+++ Available data +++
(* Assume Martin's Axiom and the negation of the Continuum Hypothesis. Let $(\omega_\alpha)_{\alpha<\omega_1}$ be a family of non-decreasing maps $[0,\infty)\to[0,\infty)$ with $\omega_\alpha(0)=0$ for every $\alpha$. Then there exist an uncountable set $C\subset\omega_1$ and a (finite-valued) function $\omega:[0,\infty)\to[0,\infty)$ such that $\omega\ge\omega_\alpha$ for all $\alpha\in C$. *)

From Stdlib Require Import Reals.
Open Scope R_scope.

Definition countable_type (A : Type) : Prop :=
  exists f : A -> nat, forall x y, f x = f y -> x = y.

Definition countable_set {A : Type} (S : A -> Prop) : Prop :=
  exists f : A -> nat, forall x y, S x -> S y -> f x = f y -> x = y.

(** The continuum is modelled by Cantor space [nat -> bool] (2^aleph_0). *)
Definition card_lt_continuum (J : Type) : Prop :=
  (exists f : J -> (nat -> bool), forall x y, f x = f y -> x = y) /\
  ~ (exists g : (nat -> bool) -> J, forall x y, g x = g y -> x = y).

Definition is_omega1 (I : Type) (lt : I -> I -> Prop) : Prop :=
  (forall x, ~ lt x x) /\
  (forall x y z, lt x y -> lt y z -> lt x z) /\
  (forall x y, lt x y \/ x = y \/ lt y x) /\
  well_founded lt /\
  (forall a, countable_set (fun x => lt x a)) /\
  ~ countable_type I.

Definition is_poset {P : Type} (le : P -> P -> Prop) : Prop :=
  (forall p, le p p) /\
  (forall p q, le p q -> le q p -> p = q) /\
  (forall p q r, le p q -> le q r -> le p r).

Definition compatible {P : Type} (le : P -> P -> Prop) (p q : P) : Prop :=
  exists r, le r p /\ le r q.

Definition antichain {P : Type} (le : P -> P -> Prop) (A : P -> Prop) : Prop :=
  forall p q, A p -> A q -> p <> q -> ~ compatible le p q.

Definition ccc {P : Type} (le : P -> P -> Prop) : Prop :=
  forall A, antichain le A -> countable_set A.

Definition dense {P : Type} (le : P -> P -> Prop) (D : P -> Prop) : Prop :=
  forall p, exists q, D q /\ le q p.

Definition is_filter {P : Type} (le : P -> P -> Prop) (G : P -> Prop) : Prop :=
  (exists p, G p) /\
  (forall p q, G p -> le p q -> G q) /\
  (forall p q, G p -> G q -> exists r, G r /\ le r p /\ le r q).

Definition MartinsAxiom : Prop :=
  forall (P : Type) (le : P -> P -> Prop),
    inhabited P -> is_poset le -> ccc le ->
    forall (J : Type) (D : J -> P -> Prop),
      card_lt_continuum J ->
      (forall j, dense le (D j)) ->
      exists G, is_filter le G /\ forall j, exists p, G p /\ D j p.

(** Negation of CH: aleph_1 < 2^aleph_0 (with omega_1 given by [I]). *)
Definition not_CH (I : Type) : Prop := card_lt_continuum I.

(** Discretise: replace each modulus [om a] by the sequence
    [f a n := ceiling (om a n)].  By monotonicity, a sequence [W] bounding
    [f a] everywhere yields the bound [w t := W (ceiling t)] for [om a].
    So it suffices to find uncountably many [a] whose sequences [f a] are
    bounded everywhere by a single [W : nat -> nat].

    For this we force with Hechler's poset: a condition is a finite stem
    [s] together with a lower bound [b : nat -> nat] for the future values.
    Two conditions with the same stem are compatible, and stems are
    countably many, so the poset is ccc.  Martin's axiom, applied to the
    dense sets "dominate [f a] beyond the stem, and have a stem of length
    at least [h a]" ([h] a surjection of the index set onto [nat]), gives a
    filter [G] whose stems define a generic sequence [g] dominating each
    [f a] beyond the stem of a condition [p a] in [G].  The finitely many
    values of [f a] below that stem, together with the stem itself, form a
    countable datum; by the pigeonhole principle uncountably many [a] share
    it, and [W n := max (f a0 n) (g n)] bounds all of them. *)

From Stdlib Require Import Reals ZArith Lra Lia List Classical ClassicalEpsilon
  FunctionalExtensionality Cantor.
Import ListNotations.
Open Scope R_scope.

Lemma to_nat_inj (p q : nat * nat) : Cantor.to_nat p = Cantor.to_nat q -> p = q.
Proof. intro E. rewrite <- (cancel_of_to p), <- (cancel_of_to q), E. reflexivity. Qed.

Fixpoint lcode (l : list nat) : nat :=
  match l with [] => 0%nat | x :: l' => S (Cantor.to_nat (x, lcode l')) end.

Lemma lcode_inj (l l' : list nat) : lcode l = lcode l' -> l = l'.
Proof.
  revert l'; induction l as [|x l IH]; intros [|y l'] E; try discriminate; auto.
  assert (Ecode : Cantor.to_nat (x, lcode l) = Cantor.to_nat (y, lcode l'))
    by (change (S (Cantor.to_nat (x, lcode l)) = S (Cantor.to_nat (y, lcode l'))) in E;
        lia).
  apply to_nat_inj in Ecode. injection Ecode as -> Ecode. f_equal. auto.
Qed.

Lemma uncountable_fiber {I : Type} (k : I -> nat) :
  ~ countable_type I -> exists m, ~ countable_set (fun a => k a = m).
Proof.
  intros HI. apply NNPP; intro Hall. apply HI.
  assert (Hcount : forall m, countable_set (fun a => k a = m)).
  { intro m. apply NNPP; intro Hm. apply Hall; eauto. }
  destruct (choice _ Hcount) as [phi Hphi].
  exists (fun a => Cantor.to_nat (k a, phi (k a) a)).
  intros x y E. apply to_nat_inj in E. injection E as Ek Ephi.
  rewrite <- Ek in Ephi. apply (Hphi (k x)); auto.
Qed.

Lemma uncountable_inhabited {I : Type} (C : I -> Prop) :
  ~ countable_set C -> exists a, C a.
Proof.
  intro HC. apply NNPP; intro Hno. apply HC.
  exists (fun _ => 0%nat). intros x y Hx. exfalso. eauto.
Qed.

Fixpoint build {I : Type} (pick : list I -> I) (n : nat) : list I :=
  match n with 0 => [] | S n => pick (build pick n) :: build pick n end.

Lemma build_in {I : Type} (pick : list I -> I) (n m : nat) :
  (n < m)%nat -> In (pick (build pick n)) (build pick m).
Proof.
  induction m as [|m IH]; intro Hnm; [lia|]. simpl.
  destruct (Nat.eq_dec n m) as [->|]; [left; auto | right; apply IH; lia].
Qed.

(** An uncountable type contains an injective sequence: no finite list
    exhausts it, so fresh elements can be picked forever. *)
Lemma uncountable_injective_seq {I : Type} :
  ~ countable_type I -> exists a : nat -> I, forall n m, a n = a m -> n = m.
Proof.
  intro HI.
  assert (fresh : forall l : list I, exists x, ~ In x l).
  { intro l. apply NNPP; intro Hfull. apply HI.
    assert (Hpos : forall x, exists n, nth_error l n = Some x).
    { intro x. apply In_nth_error. apply NNPP; intro; apply Hfull; eauto. }
    destruct (choice _ Hpos) as [pos Hpos'].
    exists pos. intros x y E. pose proof (Hpos' x) as Ex.
    rewrite E, Hpos' in Ex. congruence. }
  destruct (choice _ fresh) as [pick Hpick].
  exists (fun n => pick (build pick n)). intros n m E.
  destruct (Nat.lt_total n m) as [H|[H|H]]; auto; exfalso.
  - apply (Hpick (build pick m)). rewrite <- E. apply build_in; auto.
  - apply (Hpick (build pick n)). rewrite E. apply build_in; auto.
Qed.

Lemma uncountable_onto_nat {I : Type} :
  ~ countable_type I -> exists h : I -> nat, forall n, exists x, h x = n.
Proof.
  intro HI. destruct (uncountable_injective_seq HI) as [a Ha].
  assert (Hidx : forall x : I, exists n, (exists k, a k = x) -> a n = x).
  { intro x. destruct (classic (exists k, a k = x)) as [[k Hk]|Hno].
    - exists k. auto.
    - exists 0%nat. intro; contradiction. }
  destruct (choice _ Hidx) as [h Hh].
  exists h. intro n. exists (a n). apply Ha, Hh. eauto.
Qed.

(** A condition: a finite stem, and a lower bound for the values of the
    generic sequence beyond the stem. *)
Record hcond := HCond { stem : list nat; bound : nat -> nat }.

Definition hle (r p : hcond) : Prop :=
  (exists t, stem r = stem p ++ t) /\
  (forall n, (bound p n <= bound r n)%nat) /\
  (forall n, (length (stem p) <= n < length (stem r))%nat ->
             (bound p n <= nth n (stem r) 0)%nat).

Lemma hle_poset : is_poset hle.
Proof.
  split; [|split].
  - intros [s f]; unfold hle; simpl. split; [exists []; rewrite app_nil_r; auto|].
    split; intros; lia.
  - intros [s f] [s' g] [[t1 E1] [H1 _]] [[t2 E2] [H2 _]]; simpl in *.
    assert (t1 = []) as ->.
    { apply (f_equal (@length nat)) in E1, E2. rewrite length_app in *.
      destruct t1; simpl in *; [auto|lia]. }
    rewrite app_nil_r in E1. subst. f_equal.
    apply functional_extensionality; intro n. specialize (H1 n); specialize (H2 n); lia.
  - intros [u m] [v k] [s f] [[t1 E1] [H1 H1']] [[t2 E2] [H2 H2']]; simpl in *.
    split; [exists (t2 ++ t1); rewrite E1, E2, app_assoc; auto|].
    split; [intro n; specialize (H1 n); specialize (H2 n); simpl; lia|].
    simpl; intros n Hn. destruct (Nat.lt_ge_cases n (length v)).
    + rewrite E1, app_nth1 by lia. apply H2'. lia.
    + specialize (H1' n ltac:(lia)). specialize (H2 n). lia.
Qed.

(** Conditions with the same stem are compatible: take the maximum bound. *)
Lemma same_stem_compatible (p q : hcond) : stem p = stem q -> compatible hle p q.
Proof.
  destruct p as [s f], q as [s' g]; simpl; intros ->.
  exists (HCond s' (fun n => Nat.max (f n) (g n))). unfold hle; simpl.
  split; (split; [exists []; rewrite app_nil_r; auto|split; intros; lia]).
Qed.

(** Hence an antichain is coded injectively by the stems of its members. *)
Lemma hle_ccc : ccc hle.
Proof.
  intros A HA. exists (fun p => lcode (stem p)). intros p q Hp Hq E.
  apply lcode_inj in E. apply NNPP; intro Hne.
  exact (HA p q Hp Hq Hne (same_stem_compatible p q E)).
Qed.

Lemma nth_map_seq (g : nat -> nat) (k len n : nat) : (n < len)%nat ->
  nth n (map g (seq k len)) 0%nat = g (k + n)%nat.
Proof.
  intros. rewrite nth_indep with (d' := g 0%nat) by (rewrite length_map, length_seq; lia).
  rewrite map_nth, seq_nth by lia. reflexivity.
Qed.

(** The conditions whose bound dominates [f] and whose stem has length at
    least [N] are dense: lengthen the stem using the old bound, and raise
    the bound to [f]. *)
Lemma dominating_dense (f : nat -> nat) (N : nat) :
  dense hle (fun p => (forall n, (f n <= bound p n)%nat) /\ (N <= length (stem p))%nat).
Proof.
  intros [s g].
  exists (HCond (s ++ map g (seq (length s) N)) (fun n => Nat.max (g n) (f n))).
  unfold hle; simpl. rewrite length_app, length_map, length_seq.
  split; [split; [intro; lia|lia]|].
  split; [eexists; reflexivity|]. split; [intro; lia|].
  intros n Hn. rewrite app_nth2, nth_map_seq by lia.
  replace (length s + (n - length s))%nat with n by lia. lia.
Qed.

(** Within a filter, the stem entries of any member respect the bound of
    every other member beyond that member's stem: both have a common
    extension in the filter. *)
Lemma filter_respects_bound (G : hcond -> Prop) (p q : hcond) (n : nat) :
  is_filter hle G -> G p -> G q ->
  (length (stem p) <= n < length (stem q))%nat ->
  (bound p n <= nth n (stem q) 0)%nat.
Proof.
  intros (_ & _ & Hdir) Gp Gq Hn.
  destruct (Hdir _ _ Gp Gq) as [r [_ [[_ [_ Hrp]] [[t Hrq] _]]]].
  assert (Hlen : (length (stem q) <= length (stem r))%nat)
    by (rewrite Hrq, length_app; lia).
  specialize (Hrp n ltac:(lia)). rewrite Hrq, app_nth1 in Hrp by lia. exact Hrp.
Qed.

(** The datum shared by the final subfamily: a stem, and the values of a
    sequence below its length, coded as one natural number. *)
Definition stem_datum (s : list nat) (f : nat -> nat) : nat :=
  Cantor.to_nat (lcode s, lcode (map f (seq 0 (length s)))).

Lemma stem_datum_eq (s s' : list nat) (f f' : nat -> nat) (n : nat) :
  stem_datum s f = stem_datum s' f' -> (n < length s)%nat -> f n = f' n.
Proof.
  unfold stem_datum. intros E Hn. apply to_nat_inj in E. injection E as Es Ef.
  apply lcode_inj in Es, Ef. subst s'.
  apply (f_equal (fun l => nth n l 0%nat)) in Ef. rewrite !nth_map_seq in Ef by exact Hn. exact Ef.
Qed.

Theorem bounded_uncountable_subfamily (HMA : MartinsAxiom) (I : Type)
  (HI : ~ countable_type I) (Hsmall : card_lt_continuum I) (f : I -> nat -> nat) :
  exists (C : I -> Prop) (W : nat -> nat),
    ~ countable_set C /\ forall a, C a -> forall n, (f a n <= W n)%nat.
Proof.
  destruct (uncountable_onto_nat HI) as [h Hh].
  destruct (HMA hcond hle (inhabits (HCond [] (fun _ => 0%nat))) hle_poset hle_ccc I
              (fun a p => (forall n, (f a n <= bound p n)%nat) /\ (h a <= length (stem p))%nat)
              Hsmall (fun a => dominating_dense (f a) (h a))) as [G [HG HGmeets]].
  destruct (choice _ HGmeets) as [p Hp].
  (* The filter contains arbitrarily long stems; [g] is the generic sequence. *)
  assert (Hlong : forall n, exists q, G q /\ (n < length (stem q))%nat).
  { intro n. destruct (Hh (S n)) as [a Ha].
    destruct (Hp a) as [Gpa [_ Hlen]]. exists (p a). split; [exact Gpa|lia]. }
  destruct (choice _ Hlong) as [q Hq].
  pose (g := fun n => nth n (stem (q n)) 0%nat).
  destruct (uncountable_fiber (fun a => stem_datum (stem (p a)) (f a)) HI) as [m Hm].
  destruct (uncountable_inhabited _ Hm) as [a0 Ha0].
  exists (fun a => stem_datum (stem (p a)) (f a) = m), (fun n => Nat.max (f a0 n) (g n)).
  split; [exact Hm|]. intros a Ha n.
  destruct (Nat.lt_ge_cases n (length (stem (p a)))) as [Hshort|Hbeyond].
  - (* below the stem, [f a] agrees with [f a0] *)
    rewrite (stem_datum_eq _ _ _ _ n (eq_trans Ha (eq_sym Ha0)) Hshort). lia.
  - (* beyond the stem, [f a] is dominated by the generic sequence *)
    destruct (Hp a) as [Gpa [Hdom _]]. destruct (Hq n) as [Gqn Hqn].
    pose proof (filter_respects_bound G (p a) (q n) n HG Gpa Gqn (conj Hbeyond Hqn)).
    specialize (Hdom n). unfold g. lia.
Qed.

Definition nceil (x : R) : nat := Z.to_nat (up x).

Lemma nceil_ge (x : R) : x <= INR (nceil x).
Proof.
  unfold nceil. destruct (archimed x) as [Hup _].
  destruct (Z.le_gt_cases 0 (up x)) as [Hnn|Hneg].
  - rewrite INR_IZR_INZ, Z2Nat.id by exact Hnn. lra.
  - replace (Z.to_nat (up x)) with 0%nat by lia. apply IZR_lt in Hneg. simpl. lra.
Qed.

Theorem proposition3p7
  (HMA : MartinsAxiom)
  (I : Type) (ltI : I -> I -> Prop) (HI : is_omega1 I ltI) (HnCH : not_CH I)
  (om : I -> R -> R)
  (Hnn : forall a t, 0 <= t -> 0 <= om a t)
  (Hmono : forall a s t, 0 <= s -> s <= t -> om a s <= om a t)
  (H0 : forall a, om a 0 = 0) :
  exists (C : I -> Prop) (w : R -> R),
    ~ countable_set C /\
    (forall t, 0 <= t -> 0 <= w t) /\
    (forall a, C a -> forall t, 0 <= t -> om a t <= w t).
Proof.
  destruct HI as (_ & _ & _ & _ & _ & Huncountable).
  destruct (bounded_uncountable_subfamily HMA I Huncountable HnCH
              (fun a n => nceil (om a (INR n)))) as (C & W & HC & HW).
  exists C, (fun t => INR (W (nceil t))).
  split; [exact HC|split].
  - intros; apply pos_INR.
  - intros a Ha t Ht.
    apply Rle_trans with (om a (INR (nceil t))); [apply Hmono; auto using nceil_ge|].
    apply Rle_trans with (INR (nceil (om a (INR (nceil t))))); [apply nceil_ge|].
    apply le_INR, HW, Ha.
Qed.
+++
Begin with the line that contains "destruct HI as" and end with the last line of the data. Repeat those two lines and all between them exactly.

_Task solution_
  destruct HI as (_ & _ & _ & _ & _ & Huncountable).
  destruct (bounded_uncountable_subfamily HMA I Huncountable HnCH
              (fun a n => nceil (om a (INR n)))) as (C & W & HC & HW).
  exists C, (fun t => INR (W (nceil t))).
  split; [exact HC|split].
  - intros; apply pos_INR.
  - intros a Ha t Ht.
    apply Rle_trans with (om a (INR (nceil t))); [apply Hmono; auto using nceil_ge|].
    apply Rle_trans with (INR (nceil (om a (INR (nceil t))))); [apply nceil_ge|].
    apply le_INR, HW, Ha.
Qed.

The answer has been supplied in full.